Гаврила отложил обод. Врать матери он смолоду не умел.
– Наперёд дадено, – сказал он. – Я взял.
Настя встала. Полюшка съехала с колен и заревела. А крику больше не было. Лучше бы был крик.
А завязалось это дело за неделю с лишним до того вечера.
Гаврила ходил к соседу занимать хлеба. Не первый раз ходил и не второй. Марк выслушал и сказал прямо:
– Не дам. Не со зла, Гаврила. Ты мне с позапрошлого должен, и я тебя не тороплю. А больше нету.
– Понял.
– Сядь, не мельтеши. Квасу выпей.
Сели. Марк налил и заговорил не сразу.
– Ты на две души сеешь, а кормишь пятерых. К осени шестого принесут. И выкупные с тебя никто не снимет. Ты, Гаврила, уже не хозяин. Ты тонешь.
– Сам знаю.
– Знаешь, а сидишь. – Сосед отставил кружку. – Есть у меня в городе человек. Трифон. Лавка в ряду, вторая от угла. Ему мальчишка нужен. Кормит, обувает, худому не учит. Пять лет – и выйдет твой в приказчики, при жалованье.
– Дитё отдать.
– А меня самого отдали. И вот он я, сижу перед тобой. Хлеб свой, дети сыты, и никто мне куском не тычет.
Ушёл Гаврила ни с чем и всю неделю про тот разговор не поминал. А на восьмой день запряг и поехал в город – глядеть человека.
И задаток взял.
Ночью Гаврила не уснул. Лежал и считал. Сена полтора воза. Овса на посев мало. Корову свести нельзя – малую поить нечем. Отец его в такие ночи выходил во двор и топтался у поленницы до света. Гаврила мальчонкой глядел на него в окно и не понимал, чего мужику не спится на морозе. Теперь понял.
Ему было десять годов, когда объявили волю. Народ у церкви, чтец на крыльце, шапки в руках. Отец с той сходки не сказал ни слова. А дома сел и сказал: ну, сынок, теперь всё своё. Вот и всё своё. Изба своя. Земля своя. Работа своя. И голод свой, никем не назначенный.
– Насть.
Она не ответила.
– Я его сам свезу. Не с Марком. Сам.
– Свези, – сказала она в потолок. – Тебе легче станет.

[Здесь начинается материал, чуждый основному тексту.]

(* Let $G$ be a finite group and let $S$ be the set of universal vertices of the power graph $\mathcal{P}(G)$, and suppose $|S|>1$. Then $G$ has an $n$-power-free decomposition (for some $n\geqslant1$) if and only if $G$ is isomorphic to a generalized quaternion group.
   Context: The power graph $\mathcal{P}(G)$ of a finite group $G$ has vertex set $G$, two distinct elements being adjacent when one is a power of the other; a universal vertex is one adjacent to all other vertices. An $n$-power-free decomposition of $G$ ($n\geqslant1$) is a partition $G=C\uplus B_1\uplus\cdots\uplus B_n$ of $G$ into a cyclic $p$-subgroup $C$ of maximal order (for some prime $p$) and $n$ nonempty subsets $B_1,\ldots,B_n$ such that each $B_i$ is an independent set (pairwise nonadjacent vertices) of $\mathcal{P}(G)$ and $|B_i|>1$ for each $i$. The generalized quaternion group of order $2^n$ ($n\geqslant3$) is $Q_{2^n}=\langle x,y\mid x^{2^{n-1}}=1,\ y^2=x^{2^{n-2}},\ x^y=x^{-1}\rangle$. *)

From mathcomp Require Import all_boot all_fingroup all_solvable.
Set Implicit Arguments.
Unset Strict Implicit.
Unset Printing Implicit Defensive.
Local Open Scope group_scope.

Definition pg_adj (gT : finGroupType) (x y : gT) : bool :=
  (x != y) && ((x \in <[y]>) || (y \in <[x]>)).

Definition pg_universal (gT : finGroupType) (G : {set gT}) : {set gT} :=
  [set x in G | [forall y in G, (y != x) ==> pg_adj x y]].

Definition pg_independent (gT : finGroupType) (B : {set gT}) : bool :=
  [forall x in B, forall y in B, ~~ pg_adj x y].

Definition power_free_decomposition (gT : finGroupType) (G : {group gT})
    (n : nat) (C : {group gT}) (B : 'I_n -> {set gT}) : Prop :=
  [/\ C \subset G /\ cyclic C,
      (exists2 p, prime p & p.-group C /\
        (forall D : {group gT}, D \subset G -> cyclic D -> p.-group D ->
           #|D| <= #|C|)),
      (forall i, B i \subset G /\ 1 < #|B i| /\ pg_independent (B i)),
      (forall i, [disjoint C & B i]) /\ (forall i j, i != j -> [disjoint B i & B j]) &
      C :|: \bigcup_(i < n) B i = G].

Definition has_n_power_free_decomposition (gT : finGroupType) (G : {group gT})
    : Prop :=
  exists n, 1 <= n /\ exists C B, @power_free_decomposition gT G n C B.

From mathcomp Require Import all_boot all_fingroup all_solvable zify.
Set Implicit Arguments.
Unset Strict Implicit.
Unset Printing Implicit Defensive.
Local Open Scope group_scope.

(* A universal vertex u <> 1 of P(G) is comparable with every element: each
   y in G is a power of u or has u as a power. If G is not cyclic, some
   p-element lies outside <[u]> and has u as a power, which forces G to be a
   p-group whose elements of order p all lie in <[u]>; a non-cyclic p-group
   with a unique subgroup of order p is generalized quaternion.
   A cyclic group has no power-free decomposition: a generator is adjacent to
   every other element, so it lies in C and C swallows the whole group.
   Conversely, in Q_(2^k) = <[x]> u D every t in D has order 4 with t^2 in
   <[x]>, so the only powers of t in D are t and t^-1; splitting D into B and
   B^-1 gives two independent sets, and <[x]> is a cyclic 2-subgroup of
   maximal order. *)

Section PowerGraph.

Variable gT : finGroupType.
Implicit Types (u x y : gT) (B : {set gT}) (G : {group gT}).

Lemma pg_adjV x y : pg_adj x^-1 y^-1 = pg_adj x y.
Proof. by rewrite /pg_adj !cycleV !groupV (inj_eq invg_inj). Qed.

Lemma pg_independentV B : pg_independent B -> pg_independent B^-1.
Proof.
move=> /forall_inP indB; apply/forall_inP => x Bx; apply/forall_inP => y By.
rewrite mem_invg in Bx; rewrite mem_invg in By.
by rewrite -pg_adjV; have /forall_inP := indB _ Bx; apply.
Qed.

Lemma pg_universal_nontrivial G :
  1 < #|pg_universal G| -> exists2 u, u \in pg_universal G & u != 1.
Proof.
case/card_gt1P=> [x [y [Sx Sy nxy]]].
by have [x1 | ] := eqVneq x 1; [exists y; rewrite // -x1 eq_sym | exists x].
Qed.

Lemma pg_universal_comparable G u :
  u \in pg_universal G -> {in G, forall y, (y \in <[u]>) || (u \in <[y]>)}.
Proof.
case/setIdP=> _ /forall_inP univ_u y Gy; have [-> | nyu] := eqVneq y u.
  by rewrite cycle_id.
by have /andP[_] := implyP (univ_u y Gy) nyu; rewrite orbC.
Qed.

Lemma generator_notin_pg_independent g B :
  B \subset <[g]> -> 1 < #|B| -> pg_independent B -> g \notin B.
Proof.
move=> sBg ltB indB; apply/negP => Bg.
have /subsetPn[z Bz /set1P nzg] : ~~ (B \subset [set g]).
  by apply: contraL ltB => /subset_leq_card; rewrite cards1 -leqNgt.
have /negP[] := forall_inP (forall_inP indB g Bg) z Bz.
by rewrite /pg_adj eq_sym (introN eqP nzg) (subsetP sBg z Bz) orbT.
Qed.

Lemma power_free_decomposition_noncyclic G n C (B : 'I_n -> {set gT}) :
  power_free_decomposition G C B -> 0 < n -> ~~ cyclic G.
Proof.
case=> [[sCG _] _ partB [tiCB _] defG] n_gt0; apply/cyclicP => -[g defGg].
have Cg : g \in C.
  have: g \in G by rewrite defGg cycle_id.
  rewrite -{1}defG inE => /orP[// | /bigcupP[i _ Big]].
  have [sBG [ltB indB]] := partB i; rewrite defGg in sBG.
  by rewrite (negPf (generator_notin_pg_independent sBG ltB indB)) in Big.
have sGC : G \subset C by rewrite defGg cycle_subG.
have [sBG [ltB _]] := partB (Ordinal n_gt0).
have /set0Pn[z Bz] : B (Ordinal n_gt0) != set0 by rewrite -card_gt0 ltnW.
have Cz := subsetP sGC z (subsetP sBG z Bz).
by rewrite (disjointFr (tiCB _) Cz) in Bz.
Qed.

Lemma pg_independent_inv_free B :
    {in B &, forall a b, a \in <[b]> -> a = b \/ a = b^-1} ->
    [disjoint B & B^-1] -> pg_independent B.
Proof.
move=> cycB tiB; have BV'B c : c \in B -> c^-1 \notin B.
  by move=> Bc; rewrite -mem_invg (disjointFr tiB Bc).
apply/forall_inP => a Ba; apply/forall_inP => b Bb.
apply/negP => /andP[nab /orP[ab | ba]].
- case: (cycB a b Ba Bb ab) => eab; first by rewrite eab eqxx in nab.
  by rewrite eab (negPf (BV'B b Bb)) in Ba.
- case: (cycB b a Bb Ba ba) => eba; first by rewrite eba eqxx in nab.
  by rewrite eba (negPf (BV'B a Ba)) in Bb.
Qed.

Lemma inv_transversal (D : {set gT}) :
    {in D, forall a, a^-1 \in D /\ a^-1 != a} ->
  exists B : {set gT}, [disjoint B & B^-1] /\ B :|: B^-1 = D.
Proof.
move=> invD; pose r (a : gT) := val (enum_rank a).
have r_inj : injective r by move=> a b /val_inj/enum_rank_inj.
exists [set a in D | r a < r a^-1]; split.
  rewrite -setI_eq0; apply/eqP/setP => a; rewrite !inE invgK.
  by case: (ltngtP (r a) (r a^-1)); rewrite ?andbF.
apply/setP => a; rewrite !inE invgK; apply/idP/idP => [/orP[] /andP[] // | Da].
  by move=> /invD[]; rewrite invgK.
have [Da' na'a] := invD a Da; rewrite Da Da' /=.
by case: ltngtP => // /r_inj eaa; rewrite -eaa eqxx in na'a.
Qed.

End PowerGraph.

Section ComparableElement.

Variables (gT : finGroupType) (G : {group gT}) (u : gT).
Hypotheses (Gu : u \in G) (ntu : u != 1).
Let ntU : <[u]> != 1. Proof. by rewrite cycle_eq1. Qed.
Let ntG : G :!=: 1. Proof. by apply/trivgPn; exists u. Qed.
Hypothesis comparable_u : {in G, forall y, (y \in <[u]>) || (u \in <[y]>)}.

Lemma prime_dvd_comparable_order p : prime p -> p %| #|G| -> p %| #[u].
Proof.
move=> p_pr pG; have [y Gy oy] := Cauchy p_pr pG.
case/orP: (comparable_u Gy) => [uy | yu]; first by rewrite -oy order_dvdG.
have /(prime_nt_dvdP p_pr) -> // : #[u] %| p by rewrite -oy order_dvdG.
by rewrite order_eq1.
Qed.

Lemma noncyclic_comparable_pgroup : ~~ cyclic G -> exists2 p, prime p & p.-group G.
Proof.
move=> ncycG; have /subsetPn[h Gh uh'] : ~~ (G \subset <[u]>).
  by apply: contra ncycG => /cyclicS; apply; apply: cycle_cyclic.
(* h is the product of its p-parts, so one of them avoids <[u]>. *)
have [p hp_u] : exists p : 'I_#[h].+1, h.`_p \notin <[u]>.
  apply/existsP; apply: contraR uh' => /existsPn hp_u.
  rewrite -(prod_constt h) big_mkord; apply: group_prod => p _.
  exact/negPn/hp_u.
have u_hp : u \in <[h.`_p]>.
  have Ghp : h.`_p \in G by apply: subsetP (cycle_constt p h); rewrite cycle_subG.
  by have := comparable_u Ghp; rewrite (negPf hp_u).
have pu : p.-elt u := mem_p_elt (p_elt_constt p h) u_hp.
have [p_pr _ _] := pgroup_pdiv pu ntU.
exists p => //; apply/pgroupP => r r_pr rG; rewrite -pnatE //.
exact: pnat_dvd (prime_dvd_comparable_order r_pr rG) pu.
Qed.

Lemma comparable_Ohm1_sub (p : nat) : p.-group G -> 'Ohm_1(G) \subset <[u]>.
Proof.
move=> pG; rewrite (OhmE 1 pG) gen_subG; apply/subsetP => x.
rewrite !inE expn1 => /andP[Gx /eqP xp1].
case/orP: (comparable_u Gx) => // ux.
have ntx : x != 1 by apply: contraTneq ux => ->; rewrite cycle1 inE.
have [p_pr _ _] := pgroup_pdiv pG ntG.
have ox : #[x] = p by apply/prime_nt_dvdP; rewrite ?order_eq1 ?order_dvdn ?xp1.
have x_pr : prime #[x] by rewrite ox.
have [sXU | tiux] := prime_subgroupVti <[u]>%G x_pr; first by rewrite -cycle_subG.
have : u \in <[u]> :&: <[x]> by rewrite inE cycle_id ux.
by rewrite tiux inE (negPf ntu).
Qed.

Lemma noncyclic_comparable_quaternion :
  ~~ cyclic G -> exists2 k, 2 < k & G \isog 'Q_(2 ^ k).
Proof.
move=> ncycG; have [p p_pr pG] := noncyclic_comparable_pgroup ncycG.
have sUG : <[u]> \subset G by rewrite cycle_subG.
have OhmG_eq : 'Ohm_1(G) = 'Ohm_1(<[u]>).
  apply/eqP; rewrite eqEsubset (OhmS 1 sUG) andbT -{1}(Ohm_id 1 G) OhmS //.
  exact: comparable_Ohm1_sub pG.
have /(prime_Ohm1P pG ntG) : #|'Ohm_1(G)| = p.
  by rewrite OhmG_eq (Ohm1_cyclic_pgroup_prime (cycle_cyclic u) (pgroupS sUG pG) ntU).
by rewrite (negPf ncycG) => /andP[_ /eqP /quaternion_classP].
Qed.

End ComparableElement.

Lemma has_n_power_free_decomposition2 (gT : finGroupType) (G C : {group gT}) (p : nat)
    (B1 B2 : {set gT}) :
    C \subset G -> cyclic C -> prime p -> p.-group C ->
    (forall D : {group gT}, D \subset G -> cyclic D -> p.-group D -> #|D| <= #|C|) ->
    B1 \subset G /\ 1 < #|B1| /\ pg_independent B1 ->
    B2 \subset G /\ 1 < #|B2| /\ pg_independent B2 ->
    [disjoint C & B1] -> [disjoint C & B2] -> [disjoint B1 & B2] ->
    C :|: B1 :|: B2 = G ->
  has_n_power_free_decomposition G.
Proof.
move=> sCG cycC p_pr pC maxC B1G B2G tiCB1 tiCB2 tiB12 defG.
exists 2; split=> //; exists C, (tnth [tuple B1; B2]).
split=> //; first by exists p.
- by case=> -[|[|//]].
- split; first by case=> -[|[|//]].
  by case=> -[|[|//]] ? [[|[|//]] ?]; rewrite // disjoint_sym.
by rewrite !big_ord_recl big_ord0 setU0 setUA.
Qed.

Section QuaternionDecomposition.

Variables (gT : finGroupType) (G : {group gT}) (k : nat) (x y : gT).
Hypotheses (k_gt2 : 2 < k) (isoG : G \isog 'Q_(2 ^ k)).
Hypothesis genG : extremal_generators G 2 k (x, y).

Let four_le_order_x : 4 <= #[x].
Proof. by have [_ _ -> _] := genG; rewrite -[4]/(2 ^ 2)%N leq_exp2l //; lia. Qed.

Lemma quaternion_order_outside : {in G :\: <[x]>, forall t, #[t] = 4}.
Proof. by have [[_ ? _] _ _ _ _] := quaternion_structure k_gt2 genG isoG. Qed.

Lemma quaternion_sqr_outside t : t \in G :\: <[x]> -> t ^+ 2 \in <[x]>.
Proof.
move=> Dt; have [_ _ [_ _ inv2 _ _] _ _] := quaternion_structure k_gt2 genG isoG.
have Gt : t \in G by case/setDP: Dt.
have ot : #[t] = 4 by apply: quaternion_order_outside.
by rewrite (inv2 _ (groupX 2 Gt)) ?mem_cycle // orderXdiv ot.
Qed.

Lemma quaternion_cycle_outside a b :
  a \in G :\: <[x]> -> b \in G :\: <[x]> -> a \in <[b]> -> a = b \/ a = b^-1.
Proof.
move=> Da Db /cycleP[i def_a]; rewrite {a}def_a in Da *.
have ob := quaternion_order_outside Db.
rewrite -(expg_mod_order b i) ob in Da *; rewrite invg_expg ob.
have : i %% 4 < 4 by rewrite ltn_mod.
case: (i %% 4) Da => [|[|[|[|//]]]] Da _; [| by left | | by right].
  by rewrite expg0 inE !group1 in Da.
by rewrite inE quaternion_sqr_outside in Da.
Qed.

Lemma quaternion_cyclic_max (D : {group gT}) : D \subset G -> cyclic D -> #|D| <= #[x].
Proof.
move=> sDG /cyclicP[d defD]; rewrite defD in sDG *.
have [Xd | X'd] := boolP (d \in <[x]>); first by rewrite subset_leq_card ?cycle_subG.
by rewrite -orderE quaternion_order_outside // inE X'd -cycle_subG.
Qed.

Lemma card_quaternion_outside : #|G :\: <[x]>| = #[x].
Proof.
have [oG Gx ox _] := genG.
rewrite cardsD (setIidPr _) ?cycle_subG // oG -orderE ox.
by rewrite -(prednK (ltnW (ltnW k_gt2))) expnS mul2n -addnn addnK.
Qed.

Lemma quaternion_has_power_free_decomposition : has_n_power_free_decomposition G.
Proof.
have [_ Gx ox _] := genG; set D := G :\: <[x]>.
have sXG : <[x]> \subset G by rewrite cycle_subG.
have [B [tiBV defD]] : exists B : {set gT}, [disjoint B & B^-1] /\ B :|: B^-1 = D.
  apply: inv_transversal => a Da; split; first by rewrite /D !inE !groupV in Da *.
  apply/eqP => inv_a; suff : #[a] %| 2 by rewrite quaternion_order_outside.
  by rewrite order_dvdn expgS expg1 -{1}inv_a mulVg.
have sBD : B \subset D by rewrite -defD subsetUl.
have sBVD : B^-1 \subset D by rewrite -defD subsetUr.
have tiXD : [disjoint <[x]> & D] by rewrite disjoint_sym; have /subsetDP[] := subxx D.
have indB : pg_independent B.
  apply: pg_independent_inv_free tiBV => a b Ba Bb.
  by apply: quaternion_cycle_outside; apply: (subsetP sBD).
have cardB : 1 < #|B|.
  have eq_x : #[x] = #|B| + #|B^-1|.
    by rewrite -card_quaternion_outside -/D -defD cardsU (disjoint_setI0 tiBV) cards0 subn0.
  by rewrite -ltn_double -(addnn #|B|) -{2}(card_invg B) -eq_x (leq_trans _ four_le_order_x).
apply: (has_n_power_free_decomposition2 (C := <[x]>%G) (p := 2)) => //.
- exact: cycle_cyclic.
- by rewrite /pgroup -orderE ox pnatX pnat_id.
- by move=> E sEG cycE _; apply: quaternion_cyclic_max.
- by split; first exact: subset_trans sBD (subsetDl _ _).
- split; first exact: subset_trans sBVD (subsetDl _ _).
  by rewrite card_invg; split; last exact: pg_independentV.
- exact: disjointWr sBD tiXD.
- exact: disjointWr sBVD tiXD.
- exact: tiBV.
by rewrite -setUA defD /D setDE setUIr setUCr setIT (setUidPr sXG).
Qed.

End QuaternionDecomposition.

Theorem corollary3p7 (gT : finGroupType) (G : {group gT}) :
  1 < #|pg_universal G| ->
  (has_n_power_free_decomposition G <->
   exists2 k, 3 <= k & G \isog 'Q_(2 ^ k)).
Proof.
move=> /pg_universal_nontrivial[u Su ntu]; have /setIdP[Gu _] := Su.
split=> [[n [n_gt0 [C [B decG]]]] | [k k_gt2 isoG]].
  apply: (noncyclic_comparable_quaternion Gu ntu (pg_universal_comparable Su)).
  exact: power_free_decomposition_noncyclic decG n_gt0.
have [[x y] genG _] := generators_quaternion k_gt2 isoG.
exact: quaternion_has_power_free_decomposition genG.
Qed.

Выехали до свету. Утро сырое, колеи полные воды. Мерин шёл боком и всё оборачивал морду на ворота.
Настя выбежала простоволосая, в чём была. К мужу не подошла. Подошла к сыну, сунула ему за пазуху узелок и запахнула отцовский тулупчик. Тулупчик был мальчику до пят.
– Помни! – Она держала его за плечи. – За тобой приедут. Слышишь? Приедут!
– Мамк…
– Помни, я сказала!
Свекровь перекрестила внука и притянула ко лбу.
– Ешь там. Дают – ешь, не отказывайся. Совеститься будешь – ноги протянешь. Слышишь, Лука?
– Слышу, баба.
Полюшка бежала за телегой до поворота. Шлёпала босыми ногами по грязи и кричала, чтоб брат привёз ей пряник. Хоть один! Хоть половинку!
Лука сидел на задке и глядел на неё. Глядел, пока сестра не стала с ноготок. И потом ещё глядел.
За овраг выехали молча. Отец погонял. Сын сидел прямо, по-взрослому. Эта прямая спина мужику всю дорогу и мешала.
До города день пути. Они стали один раз, у моста, где мужики поили лошадей.
– Тять, а лошадь-то у него есть?
– Должна быть. Товар возить надо.
– Значит, я при лошади буду! Это хорошо. Я с лошадью умею, ты знаешь.
Умел он, правда. С осени ходил за мерином сам. Мерин его слушал лучше, чем отца.
– А спать где?
– Где велят.
– А на Пасху отпустят?
Мерин тянул губами воду. Сказать было нечего.
– Не знаю, – отозвался он. – Не спрашивал.
– Ты спроси! Ты, тять, спроси, ладно? Я к Пасхе приеду, помогу. Я много не съем.
Мужики у моста заржали над своим. Гаврила порадовался, что заржали.
Поехали дальше шагом. Мимо потянулись чужие поля, и сын их все обсмотрел. Тут пахано мелко. Тут борона худая ходила. А вон у того рожь стеной – хозяин добрый. Двенадцать лет мальцу, а рассуждает по-хозяйски.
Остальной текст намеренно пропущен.